Stanford Synchrotron Radiation Lightsource

The omicron variant of COVID-19 was identified in the fall of 2021. It stood out from all of the other variants because of the many mutations that simultaneously occurred in its spike protein¹. So far, surveillance and bioinformatics have been the main scientific tools in tracking COVID-19 evolution. Eventually, however, understanding COVID-19 evolution comes down to understanding the functions of key viral mutations. This is where structural biology kicks in and plays a critical role in tracking COVID-19 evolution.

In a study recently published in the journal Proceedings of National Academy of Sciences USA, Dr. Fang Li and colleagues at the University of Minnesota determined the high-resolution crystal structure of the omicron strain’s spike protein and its mouse receptor (Fig. 1A)², using macromolecular cystallography x-ray data measured at Beam Line 12-1 of SSRL. Through detailed analysis, the researchers identified three mutations (Q493R, Q498R, and Y505H) in the omicron spike protein that are specifically adapted to two residues (Asn31 and His353) in the mouse receptor (Fig. 1B, 1C). After searching all of the available receptor sequences in the database, the researchers found that only the receptor from mice contains Asn31 and His353, while the receptors from several other rodent species contain one but not both Asn31 and His353. Thus, the researchers hypothesized that rodents, particularly mice, played a role in the omicron evolution. In contrast, these three mutations in omicron are structurally incompatible with the corresponding two residues (Lys31 and Lys353) in the human receptor (Fig.1D, 1E)², further suggesting that non-human animal reservoirs facilitated the omicron evolution.

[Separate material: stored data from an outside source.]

(* Let $K\subset\mathbb{R}^n$ be a proper cone and let $\mathcal{S}=\bigcup_{t}\mathcal{S}_t\subset\pi(K)$ be a $K$-irreducible semigroup generated in one of the three ways (discrete, continuous, or switched with jumps) described in the context. If $\rho(\mathcal{S})=1$, then $\mathcal{S}$ is bounded as a subset of $\mathbb{R}^{n\times n}$.
   Context: A proper cone $K\subset\mathbb{R}^n$ is a nonempty set with $rK\subset K$ for all $r>0$ which is convex, pointed, closed and has nonempty interior. Write $x\ge_K y$ if $x-y\in K$. A face of $K$ is a cone $F\subseteq K$ with: $x\in F$, $x\ge_K y\ge_K0$ imply $y\in F$; $\{0\},K$ are trivial faces. $\pi(K)=\{A: AK\subset K\}$; $A\in\pi(K)$ is $K$-irreducible if no nontrivial face $F$ has $AF\subset F$. Semigroups: (A) discrete: for compact $\mathcal{M}\subset\mathbb{R}^{n\times n}$, $\mathcal{S}_0=\{I\}$, $\mathcal{S}_t=\{A_{t-1}\cdots A_0:A_s\in\mathcal{M}\}$, $t\in\mathbb{N}$. (B) continuous: for compact $\mathcal{M}$, $\mathcal{S}_0=\{I\}$, $\mathcal{S}_t=\{\Phi_\sigma(t)\}$ over measurable $\sigma:[0,t]\to\mathcal{M}$, where $\dot\Phi_\sigma=\sigma\Phi_\sigma$, $\Phi_\sigma(0)=I$. (C) with jumps: for compact $\mathcal{M}\subset\mathbb{R}^{n\times n}\times\mathbb{R}^{n\times n}$ of pairs $(A,\Pi)$ with $\Pi^2=\Pi$, $A\Pi=\Pi A$, and piecewise constant right-continuous $\sigma:\mathbb{R}_+\to\mathcal{M}$, $\sigma(s)=(A_{\sigma(s)},\Pi_{\sigma(s)})$, with switching times $0=t_0<t_1<\dots$, $t_k\to\infty$, for $t\in[t_k,t_{k+1})$ set $\Phi_\sigma(t)=e^{A_{\sigma(t_k)}(t-t_k)}\Pi_{\sigma(t_k)}e^{A_{\sigma(t_{k-1})}(t_k-t_{k-1})}\Pi_{\sigma(t_{k-1})}\cdots e^{A_{\sigma(t_0)}(t_1-t_0)}\Pi_{\sigma(t_0)}$, and $\mathcal{S}_t$ is the set of all such $\Phi_\sigma(t)$. In each case $\mathcal{S}=\bigcup_t\mathcal{S}_t$. Joint spectral radius: $\rho(\mathcal{S})=\lim_{t\to\infty}\sup\{\|S\|:S\in\mathcal{S}_t\}^{1/t}$. The semigroup $\mathcal{S}\subset\pi(K)$ is $K$-irreducible if there exists $t>0$ such that $\operatorname{conv}\mathcal{S}_t$ contains a $K$-irreducible element. *)

From Stdlib Require Import Reals Lra Lia ClassicalEpsilon.
Open Scope R_scope.

(* Vectors of R^n and matrices of R^{n x n} are represented by functions
   nat -> R and nat -> nat -> R; the "canonical" representatives are those
   vanishing outside the index range [0,n).  All operations below produce
   canonical representatives from arbitrary inputs. *)
Definition Vec := nat -> R.
Definition Mat := nat -> nat -> R.

Definition isVec (n : nat) (x : Vec) : Prop := forall i, (n <= i)%nat -> x i = 0.
Definition isMat (n : nat) (A : Mat) : Prop :=
  forall i j, (n <= i)%nat \/ (n <= j)%nat -> A i j = 0.

Fixpoint fsum (m : nat) (f : nat -> R) : R :=
  match m with O => 0 | S k => fsum k f + f k end.

Definition vzero : Vec := fun _ => 0.
Definition vadd (x y : Vec) : Vec := fun i => x i + y i.
Definition vscale (r : R) (x : Vec) : Vec := fun i => r * x i.
Definition vopp (x : Vec) : Vec := fun i => - x i.
Definition vsub (x y : Vec) : Vec := fun i => x i - y i.

Definition mid (n : nat) : Mat :=
  fun i j => if andb (Nat.ltb i n) (Nat.eqb i j) then 1 else 0.
Definition mmul (n : nat) (A B : Mat) : Mat :=
  fun i j => if andb (Nat.ltb i n) (Nat.ltb j n)
             then fsum n (fun k => A i k * B k j) else 0.
Definition mvec (n : nat) (A : Mat) (x : Vec) : Vec :=
  fun i => if Nat.ltb i n then fsum n (fun k => A i k * x k) else 0.
Definition mscale (n : nat) (r : R) (A : Mat) : Mat :=
  fun i j => if andb (Nat.ltb i n) (Nat.ltb j n) then r * A i j else 0.
Fixpoint mpow (n : nat) (A : Mat) (k : nat) : Mat :=
  match k with O => mid n | S k' => mmul n A (mpow n A k') end.

(* entrywise l1 norm on R^{n x n} (all norms are equivalent) *)
Definition mnorm (n : nat) (A : Mat) : R :=
  fsum n (fun i => fsum n (fun j => Rabs (A i j))).

Definition Rlim (u : nat -> R) : R :=
  epsilon (inhabits 0) (fun l => Un_cv u l).

Definition mexp (n : nat) (A : Mat) : Mat :=
  fun i j => Rlim (fun N => fsum (S N) (fun k => / INR (Factorial.fact k) * mpow n A k i j)).
Lemma alt_series_in_01 q w : 0 < q < 1 -> 0 <= w <= 1 -> 0 <= alt_series q w <= 1.
Proof.
  intros Hq Hw. destruct (alt_series_bounds q w Hq ltac:(lra)) as [L U].
  pose proof (alt_term_decreasing q w 0 Hq ltac:(lra)).
  pose proof (alt_term_decreasing q w 1 Hq ltac:(lra)).
  pose proof (alt_term_nonneg q Hq w 2 ltac:(lra)).
  assert (alt_term q w 0 <= 1).
  { rewrite alt_term_0. assert (Hd : 0 < 1 + w * q) by (apply one_add_mul_pos; lra).
    apply (Rdiv_le_1 _ _ Hd). nra. }
  lra.
Qed.

Lemma alt_series_le_three_terms q w : 0 < q < 1 -> 0 <= w <= 46/10 ->
  alt_series q w <= (1 - alt_ratio q w 0 * (1 - alt_ratio q w 1)) / (1 + w * q).
Proof.
  intros Hq Hw. destruct (alt_series_bounds q w Hq Hw) as [_ HA].
  rewrite (alt_term_succ q Hq w 1), (alt_term_succ q Hq w 0), alt_term_0 in HA by lra.
  replace ((1 - alt_ratio q w 0 * (1 - alt_ratio q w 1)) / (1 + w * q))
    with (1 / (1 + w * q) - 1 / (1 + w * q) * alt_ratio q w 0
          + 1 / (1 + w * q) * alt_ratio q w 0 * alt_ratio q w 1)
    by (field; apply Rgt_not_eq, one_add_mul_pos; lra).
  exact HA.
Qed.

Lemma theta_opp_functional_eq q z : 0 <= q < 1 -> theta q (- z) = 1 - q * z * theta q (- (q * z)).
Proof.
  intros Hq. rewrite theta_functional_eq by exact Hq.
  replace (q * - z) with (- (q * z)) by ring. ring.
Qed.

Lemma theta_opp_in_01 q w : 0 <= q < 1 -> 0 <= w <= 1 -> 0 <= theta q (- w) <= 1.
Proof.
  intros Hq Hw.
  change (0 <= Series (theta_term q (- w)) <= 1).
  rewrite (Series_ext _ _ (theta_term_opp q w)).
  assert (Hdec : forall n, theta_term q w (S n) <= theta_term q w n).
  { intros n. rewrite theta_term_succ. pose proof (theta_term_nonneg q w n ltac:(lra) ltac:(lra)).
    pose proof (pow_le_1 q (S n) ltac:(lra)). pose proof (pow_le q (S n) ltac:(lra)).
    assert (q ^ S n * w <= 1) by nra. nra. }
  destruct (Series_alt_bounds (theta_term q w)) as [L U].
  - intros n. apply theta_term_nonneg; lra.
  - exact Hdec.
  - apply ex_series_theta_term, Hq.
  - pose proof (Hdec 0%nat). pose proof (Hdec 1%nat).
    replace (theta_term q w 0) with 1 in * by (unfold theta_term; simpl; ring). lra.
Qed.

Figure 1: Crystal structure of the receptor-binding domain (RBD) of omicron spike protein complexed with mouse receptor angiotensin-converting enzyme 2 (ACE2). (A) Overall structure of omicron RBD complexed with mouse ACE2. RBD contains a core structure (in cyan) and a receptor-binding motif (in magenta). ACE2 contains a core structure (in green) and three virus-binding motifs (in orange). (B) Structural details of the omicron RBD/mouse ACE2 interface showing Arg493 in omicron RBD is structurally adapted to Asn31 in mouse ACE2. (C) Structural details of the omicron RBD/mouse ACE2 interface showing Arg498 and His353 in omicron RBD are both structurally adapted to His353 in mouse ACE2. (D) Structural details of the omicron RBD/human ACE2 interface showing Arg493 in omicron RBD is structurally incompatible with Lys31 in human ACE2. (E) Structural details of the omicron RBD/human ACE2 interface showing Arg498 and His353 in omicron RBD are both structurally incompatible with Lys353 in human ACE2. Dotted lines indicate favorable interactions between residues including salt bridges, hydrogen bonds, hydrogen-π interaction or anion-π interaction. Double-ended red arrows indicate repulsion.

Based on the above structural findings, the researchers discussed a possible scenario in which humans might have transmitted the COVID-19 virus to non-human animals, which became new reservoirs for the virus and later transmitted the virus back to humans with novel mutations. The study suggests that surveillance of COVID-19 in rodents near human habitats and animal farms may help prevent new COVID-19 variants from emerging.